The sum of the first #5# terms of a geometric sequence is #93# and the #10#th term is #3/2#. What is the common ratio and what is the fourth term?

1 Answer
Jul 26, 2016

If #3/2# is a typo for #3/32# then the common ratio is #1/2# and the #4#th term is #6#.

Explanation:

The general term of a geometric sequence is expressible by the formula:

#a_n = ar^(n-1)#

where #a# is the initial term and #r# the common ratio.

If #r != 1# then the sum of the first #N# terms is given by the formula:

#sum_(n=1)^N a_n = sum_(n=1)^N ar^(n-1) = a(r^N-1)/(r-1)#

In our example, we are given:

#93 = sum_(n=1)^5 a_n = a(r^5-1)/(r-1)#

#ar^9 = a_10 = 3/2#

If this is to have rational solutions, then we should look at the factors of #93#.

The prime factorisation of #93# is:

#93 = 3*31 = 3*(2^5-1)/(2-1)#

So #93# is the sum of the first five terms of the geometric sequence:

#3, 6, 12, 24, 48#

But if that were our sequence, then #a_10 = 32^9 = 1536# - somewhat larger than #3/2#.

How about if we reverse the sequence?

#48, 24, 12, 6, 3#

Then the #6#th term will be #3/2#, not the #10#th term - which will be #48*(1/2)^9 = 3/32#

Is there a typo in the question?
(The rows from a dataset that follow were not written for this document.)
(* There exist a finite graded poset $P$ with $\hat0$ and two CW-labelings $\lambda_1$ and $\lambda_2$ of $P$ such that the posets $Q_{\lambda_1}(P)$ and $Q_{\lambda_2}(P)$ are not isomorphic.
   Context: C-labelings: a maximal chain is an unrefinable chain from $\hat0$ to a maximal element. A C-labeling assigns to each pair $(\mathbf m,e)$, $\mathbf m$ a maximal chain and $e$ a cover relation of $\mathbf m$, a label in a poset $\Lambda$, such that maximal chains coinciding along their bottom $d$ cover relations have equal labels there. A rooted interval $[x,y]_{\mathbf r}$ is an interval with a saturated chain $\mathbf r$ from $\hat0$ to $x$, maximal chains $\mathbf c$ of $[x,y]$ labeled as in $\mathbf r\cup\mathbf c$. Increasing = strictly increasing label word; ascent-free = no consecutive labels $a<b$. CR-labeling: each rooted interval has exactly one increasing maximal chain. Rank two switching property: for every maximal chain $\mathbf m:\hat0=m_0\lessdot\cdots\lessdot m_k$ and $i<k$ with an ascent at rank $i$ there is a unique $m_i'\neq m_i$ such that replacing $m_i$ by $m_i'$ gives a maximal chain with the same labels except that those at ranks $i,i+1$ are swapped, and $m_i'$ is the same for all maximal chains agreeing with $\mathbf m$ in $m_0,\dots,m_{i+1}$ (quadratic exchange). CW-labeling: CR-labeling with the rank two switching property such that in each rooted interval distinct ascent-free maximal chains have distinct label words. $Q_\lambda(P)$: $C(P)$ is the set of saturated chains from $\hat0$ ordered by inclusion; $\mathbf c_1\sim_\lambda\mathbf c_2$ iff they end at the same $y$ and are connected by quadratic exchanges (forwards or backwards) among maximal chains of $[\hat0,y]$; $Q_\lambda(P)$ is the set of classes ordered by the transitive closure of: $X\le Y$ if some $\mathbf c\in X$, $\mathbf d\in Y$ have $\mathbf c\subseteq\mathbf d$. *)

From HB Require Import structures.
From mathcomp Require Import all_boot all_order.
From Stdlib Require Import Relations.
Set Implicit Arguments. Unset Strict Implicit. Unset Printing Implicit Defensive.
Import Order.TTheory.
Local Open Scope order_scope.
Should the #10#th term be specified as #3/32#?

If so, then the common ratio is #1/2# and the #4#th term is #6#.

If the question is correct in the form given then the answer will be much more messy. Specifically, the common ratio #r# would be the Real zero of the nonic polynomial: #62r^9-r^4-r^3-r^2-r-1#, an irrational number approximately #0.709461#.